→ **Task to carry out**: For the entries below, repeat exactly each line starting with the one that contains "Lemma congr_mod_inv a" and going on through the one that contains "Definition coset (a", and no others.
Top of Extracted entries
Lemma congr_mod_sym a b : congr_mod a b -> congr_mod b a.
Proof. unfold congr_mod. intro h. apply NV in h. rewrite ginvM, ginvK in h. exact h. Qed.

Lemma congr_mod_trans a b c : congr_mod a b -> congr_mod b c -> congr_mod a c.
Proof.
  unfold congr_mod. intros h1 h2. pose proof (NM _ _ h1 h2) as h.
  rewrite <- gmulA, gmulKV in h. exact h.
Qed.

(* [a b (a' b')^-1] is the conjugate of [b b'^-1] by [a^-1], times [a a'^-1]. *)
Lemma congr_mod_mul a a' b b' :
  congr_mod a a' -> congr_mod b b' -> congr_mod (gmul a b) (gmul a' b').
Proof.
  unfold congr_mod. intros h1 h2.
  pose proof (NM _ _ (Nconj _ (ginv a) h2) h1) as h.
  unfold gconj in h. rewrite ginvK, <- !gmulA, gmulKV, !gmulA in h.
  rewrite ginvM, !gmulA. exact h.
Qed.

Lemma congr_mod_inv a b : congr_mod a b -> congr_mod (ginv a) (ginv b).
Proof.
  intro h1. apply congr_mod_sym in h1. unfold congr_mod in *.
  pose proof (Nconj _ a h1) as h. unfold gconj in h.
  rewrite ginvK. rewrite <- !gmulA, gmulVl, gmul1r in h. exact h.
Qed.

Lemma congr_mod_mulN a c : N c -> congr_mod (gmul a c) a.
Proof.
  intro hc. rewrite <- (gmul1r _ a) at 2. apply congr_mod_mul; [apply congr_mod_refl |].
  unfold congr_mod. rewrite ginv1, gmul1r. exact hc.
Qed.

(* The quotient [H/N] is modelled as the type of cosets, viewed as predicates;
   its operations act on chosen representatives. *)
Definition coset (a : H) : H -> Prop := congr_mod a.
Definition quotient_carrier := {S : H -> Prop | exists a, S = coset a}.
Definition coset_proj (a : H) : quotient_carrier :=
  exist _ (coset a) (ex_intro _ a eq_refl).

Lemma quotient_eq (S T : quotient_carrier) : proj1_sig S = proj1_sig T -> S = T.
Proof.
  destruct S as [S p], T as [T q]; simpl. intros ->. f_equal. apply proof_irrelevance.
Qed.

Lemma coset_proj_eq a b : coset_proj a = coset_proj b <-> congr_mod a b.
Proof.
  split.
  - intro E. apply (f_equal (@proj1_sig _ _)) in E. simpl in E.
    change (coset a b). rewrite E. apply congr_mod_refl.
  - intro h. apply quotient_eq. simpl. extensionality z.
    apply propositional_extensionality. unfold coset. split; intro h'.
    + apply (congr_mod_trans _ a); [apply congr_mod_sym |]; assumption.
    + apply (congr_mod_trans _ b); assumption.
Qed.

Lemma coset_proj_surj (S : quotient_carrier) : exists a, S = coset_proj a.
Proof. destruct S as [S [a E]]. exists a. apply quotient_eq. exact E. Qed.

Definition coset_repr (S : quotient_carrier) : H :=
  proj1_sig (constructive_indefinite_description _ (coset_proj_surj S)).

Lemma coset_reprK S : S = coset_proj (coset_repr S).
Proof. unfold coset_repr. destruct (constructive_indefinite_description _ _). exact e. Qed.

Lemma coset_repr_proj a : congr_mod (coset_repr (coset_proj a)) a.
Proof. apply coset_proj_eq. symmetry. apply coset_reprK. Qed.

Definition qmul (S T : quotient_carrier) : quotient_carrier :=
  coset_proj (gmul (coset_repr S) (coset_repr T)).
Definition qinv (S : quotient_carrier) : quotient_carrier :=
  coset_proj (ginv (coset_repr S)).
Definition qone : quotient_carrier := coset_proj gone.

Lemma qmul_proj a b : qmul (coset_proj a) (coset_proj b) = coset_proj (gmul a b).
Proof. apply coset_proj_eq, congr_mod_mul; apply coset_repr_proj. Qed.

Lemma qinv_proj a : qinv (coset_proj a) = coset_proj (ginv a).
Proof. apply coset_proj_eq, congr_mod_inv, coset_repr_proj. Qed.

Lemma qmulA x y z : qmul x (qmul y z) = qmul (qmul x y) z.
Proof.
  destruct (coset_proj_surj x) as [a ->], (coset_proj_surj y) as [b ->],
    (coset_proj_surj z) as [c ->].
  rewrite !qmul_proj, gmulA. reflexivity.
Qed.

Lemma qmul1l x : qmul qone x = x.
Proof. destruct (coset_proj_surj x) as [a ->]. unfold qone. rewrite qmul_proj, gmul1l. reflexivity. Qed.

Lemma qmul1r x : qmul x qone = x.
Proof. destruct (coset_proj_surj x) as [a ->]. unfold qone. rewrite qmul_proj, gmul1r. reflexivity. Qed.

Lemma qmulVl x : qmul (qinv x) x = qone.
Proof. destruct (coset_proj_surj x) as [a ->]. rewrite qinv_proj, qmul_proj, gmulVl. reflexivity. Qed.

Lemma qmulVr x : qmul x (qinv x) = qone.
Proof. destruct (coset_proj_surj x) as [a ->]. rewrite qinv_proj, qmul_proj, gmulVr. reflexivity. Qed.

Definition quotient_group : group :=
  Group quotient_carrier qmul qinv qone qmulA qmul1l qmul1r qmulVl qmulVr.

Lemma coset_proj_hom : is_hom (G := H) (H := quotient_group) coset_proj.
Proof. intros a b. symmetry. apply qmul_proj. Qed.

End Quotient.

Lemma semidirect_of_degree {H : group} (N : H -> Prop) (deg : H -> Zadd_group) (t : H) :
  normal_sub N -> is_hom deg -> deg t = 1%Z ->
  (forall x, N x -> deg x = 0%Z) ->
  (forall x, congr_mod N x (zpow t (deg x))) ->
  exists Q : H -> Prop, infinite_cyclic_sub Q /\ semidirect N Q.
Proof.
  intros hN hdeg ht hker hsec.
  assert (hdeg_zpow : forall n, deg (zpow t n) = n).
  { intro n. rewrite (hom_zpow deg hdeg), ht. apply zpow_Zadd_one. }
  exists (fun x => exists n, x = zpow t n). split; [| split; [exact hN | split; [| split]]].
  - exists t. split; [tauto |]. intros n E. apply (f_equal deg) in E.
    rewrite hdeg_zpow, (hom1 deg hdeg) in E. exact E.
  - split; [| split].
    + exists 0%Z. reflexivity.
    + intros a b [m ->] [p ->]. exists (m + p)%Z. symmetry. apply zpowD.
    + intros a [m ->]. exists (- m)%Z. symmetry. apply zpowN.
  - intros x hx [n ->]. apply hker in hx. rewrite hdeg_zpow in hx. subst. reflexivity.
  - intro x. exists (gmul x (ginv (zpow t (deg x)))), (zpow t (deg x)).
    split; [apply hsec |]. split; [eexists; reflexivity |].
    rewrite <- gmulA, gmulVl, gmul1r. reflexivity.
Qed.

Section CGroup.
Context {G : group} (O : G -> Prop) (g0 : G)
  (hO : forall x, O x <-> exists h : G, x = gconj g0 h) (hgen : generates O)
  {H : group} (y : G -> H) (hC : is_Cgroup O H y).

Let N := comm_subgroup H.

Lemma Cgroup_degree :
  exists deg : H -> Zadd_group, is_hom deg /\ forall g, O g -> deg (y g) = 1%Z.
Proof.
  destruct hC as [_ [huniv _]]. apply (huniv Zadd_group (fun _ => 1%Z)).
  intros g h _ _. unfold gconj. simpl. lia.
Qed.

Lemma class_conj_closed g h : O g -> O (gconj g h).
Proof.
  intro hg. apply hO in hg. destruct hg as [k ->]. apply hO.
  exists (gmul k h). rewrite gconjM. reflexivity.
Qed.

(* Conjugating by [h] fixes every [y_g] modulo [N]: true for [h] in [O] by the
   C-group relations, hence for all [h] since [O] generates [G]. *)
Lemma Cgroup_conj_congr h g :
  O g -> congr_mod N (y (gconj g h)) (y g).
Proof.
  destruct hC as [hrel _]. revert g. apply (hgen h).
  - split; [| split].
    + intros g _. rewrite gconj1. apply congr_mod_refl, comm_subgroup_normal.
    + intros a b ha hb g hg. rewrite gconjM.
      apply (congr_mod_trans _ (comm_subgroup_normal H) _ (y (gconj g a)));
        [apply hb, class_conj_closed |]; auto.
    + intros a ha g hg. apply congr_mod_sym; [apply comm_subgroup_normal |].
      rewrite <- (gconjVK g a) at 1. apply ha, class_conj_closed, hg.
  - intros h0 hh g hg. rewrite <- hrel by assumption. rewrite gconj_gcomm.
    apply congr_mod_mulN; [apply comm_subgroup_normal |].
    apply generated_incl. eexists; eexists; reflexivity.
Qed.

Lemma Cgroup_congr_power (deg : H -> Zadd_group) :
  is_hom deg -> (forall g, O g -> deg (y g) = 1%Z) ->
  forall x, congr_mod N x (zpow (y g0) (deg x)).
Proof.
  destruct hC as [_ [_ huniq]]. intros hdeg hdeg1 x.
  pose proof (comm_subgroup_normal H) as hN.
  apply (coset_proj_eq N hN).
  apply (huniq (quotient_group N hN) (coset_proj N)
               (fun x => coset_proj N (zpow (y g0) (deg x)))).
  - apply coset_proj_hom.
  - intros a b. rewrite hdeg. simpl. rewrite zpowD. symmetry. apply qmul_proj, hN.
  - intros g hg. rewrite hdeg1, zpow1 by exact hg. apply coset_proj_eq; [exact hN |].
    apply hO in hg. destruct hg as [h ->]. apply Cgroup_conj_congr.
    apply hO. exists gone. rewrite gconj1. reflexivity.
Qed.

End CGroup.

Theorem proposition2p15 (G : group) (O : G -> Prop)
  (hO : equipped_single O) (hgen : generates O)
  (H : group) (y : G -> H) (hC : is_Cgroup O H y) :
  exists Q : H -> Prop, infinite_cyclic_sub Q /\ semidirect (comm_subgroup H) Q.
Proof.
  destruct hO as [g0 [_ hOc]].
  destruct (Cgroup_degree O y hC) as [deg [hdeg hdeg1]].
  assert (hO0 : O g0) by (apply hOc; exists gone; rewrite gconj1; reflexivity).
  apply (semidirect_of_degree _ deg (y g0)).
  - apply comm_subgroup_normal.
  - exact hdeg.
  - exact (hdeg1 g0 hO0).
  - apply (hom_abelian_comm_subgroup deg hdeg). intros u v. apply Z.add_comm.
  - exact (Cgroup_congr_power O g0 hOc hgen y hC deg hdeg hdeg1).
Qed.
Bottom of Extracted entries
→ **Result**:
Lemma congr_mod_inv a b : congr_mod a b -> congr_mod (ginv a) (ginv b).
Proof.
  intro h1. apply congr_mod_sym in h1. unfold congr_mod in *.
  pose proof (Nconj _ a h1) as h. unfold gconj in h.
  rewrite ginvK. rewrite <- !gmulA, gmulVl, gmul1r in h. exact h.
Qed.

Lemma congr_mod_mulN a c : N c -> congr_mod (gmul a c) a.
Proof.
  intro hc. rewrite <- (gmul1r _ a) at 2. apply congr_mod_mul; [apply congr_mod_refl |].
  unfold congr_mod. rewrite ginv1, gmul1r. exact hc.
Qed.

(* The quotient [H/N] is modelled as the type of cosets, viewed as predicates;
   its operations act on chosen representatives. *)
Definition coset (a : H) : H -> Prop := congr_mod a.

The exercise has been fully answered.